Summary of the invention

[0004] The present invention relates to a system and a procedure for controlling the positioning of bridge cranes.

[0005] The system comprises image capturing means, integrated into the bridge crane and focusing on a surface of reference, and data processing means, responsible for receiving and analysing the images acquired by the image capturing means, in order to recognise, using a character extraction process, relevant characteristics in the image, and determine the relative displacement of said relevant characteristics between successive images, and therefore, the positioning of the bridge crane.

[0006] In a particular embodiment, the image capturing means are implemented using a camera integrated into the running trolley of the bridge crane, preferably, with zenithal orientation (focusing on the floor).

[0007] The data processing means are preferably configured to determine regions in the image, to calculate the central, spatial and invariant moments thereof, to obtain some characteristic points P_i as relevant characteristics of the image.

[0008] Another aspect of the present invention relates to a procedure for controlling the positioning of the bridge crane, which comprises acquiring images using a camera integrated into the bridge crane and focusing on a surface of reference, and analysing the acquired images in order to recognise, using a character extraction process, relevant characteristics in the image, and determine the relative displacement of said relevant characteristics between successive images, and therefore the positioning of the bridge crane.

[0009] The procedure may comprise determining regions in the image and calculating the central, spatial and invariant moments thereof to obtain some characteristic points P_i as relevant characteristics of the image.

Brief description of the drawings

[0010] Below is a very brief description of a set of drawings intended to aid a better understanding of the invention and that are expressly related to one embodiment of said invention, which is presented as a non-limitative example thereof.

Figure 1 shows a bridge crane with an image-capturing camera.

Figures 2A and 2B show successive images acquired by the camera installed in the crane.

Figure 3 shows the connection of the camera with the means responsible for processing the images in order to calculate the positioning of the bridge crane.

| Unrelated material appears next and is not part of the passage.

(* (Liveness of YAC.) Consider a network of $n = 3f+1$ validating peers running the YAC consensus protocol, of which at most $f$ are faulty (Byzantine), under the standing assumptions listed in the context. Then every correct (valid) client transaction is eventually committed by the honest peers.
   Context: YAC protocol. There are $n=3f+1$ validating peers with a fixed initial ordered list. Rounds $r=1,2,\dots$: in round $r$ the peer processes the $r$-th proposal. The round starts when the peer begins processing the proposal and ends when it commits a block. An Ordering Service (OS) collects client transactions and broadcasts a proposal, an ordered list of transactions, to all peers. Each peer validates the proposal against its local state and discards invalid transactions. From the remaining transactions, the proposal hash and metadata, it forms a block and computes the block hash. A vote is a message containing the pair (proposal hash, block hash) and the peer's signature. Each peer computes a permutation of the peers using a pure function of the block hash and the initial peer list whose output lists are uniformly distributed. It sends its vote to the peers in that order, waiting a fixed delay between sends and cycling through the order repeatedly (vote steps), until it receives a valid commit or reject message. A supermajority is any number greater than two thirds of all peers. A commit message is a set of votes for one block hash signed by a supermajority of peers. A peer that collects a supermajority of votes for one hash broadcasts the commit message and commits the block. A reject message is a set of votes proving that no block hash can reach a supermajority. Commit forwarding: if a peer that has already committed receives a vote for that round, it sends the commit message directly to the voter. An honest peer is one that tries to synchronize with the network, creates valid votes and commits, and never creates forks. Standing assumptions: (i) The OS is itself Byzantine fault tolerant and orders transactions honestly. Every valid client transaction eventually appears in some proposal, and every proposal is delivered to all peers. (ii) Asynchronous environment: every message successfully sent is eventually received. (iii) Hashes and digital signatures are cryptographically secure, and messages cannot be altered or forged by adversaries. (iv) The reject case does not occur; its occurrence is regarded as a violation of the BFT assumption. *)

From mathcomp Require Import all_boot.
From mathcomp Require Import perm.
From Stdlib Require List.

Detailed description of the invention

[0011] The control of the distance covered by the lifting centre on the bridge crane is essential when it comes to automate handling processes in which this type of machinery is involved.

[0012] Figure 1 shows, by way of example, a bridge crane known in the state of the art, which has been equipped with image capturing means, camera 6. A bridge crane consist of a pair of parallel rails positioned at a great height, longitudinal guides 1, on which there is a displaceable bridge 2, which spans the space between the longitudinal guides 1. The bridge 2 has one or two transversal guides 3 (two, in the case shown in Figure 1) along which, moves a running trolley 4 with a block and tackle 5 for hoisting a loading hook that determines the lifting centre C.

[0013] The movement of the lifting centre C may be determined using the coordinates (X, Y, Z), where:

• The X coordinate represents the position of the lifting centre C due to the movement of the bridge 2, caused by the action of the motor 7, along the longitudinal guides 1.
• The Y coordinate represents the position of the lifting centre C due to the movement of the running trolley 4, caused by the action of the motor 8, along the transversal guides 3.
• The Z coordinate represents the vertical position of the lifting centre C, due to the action of the block and tackle 5.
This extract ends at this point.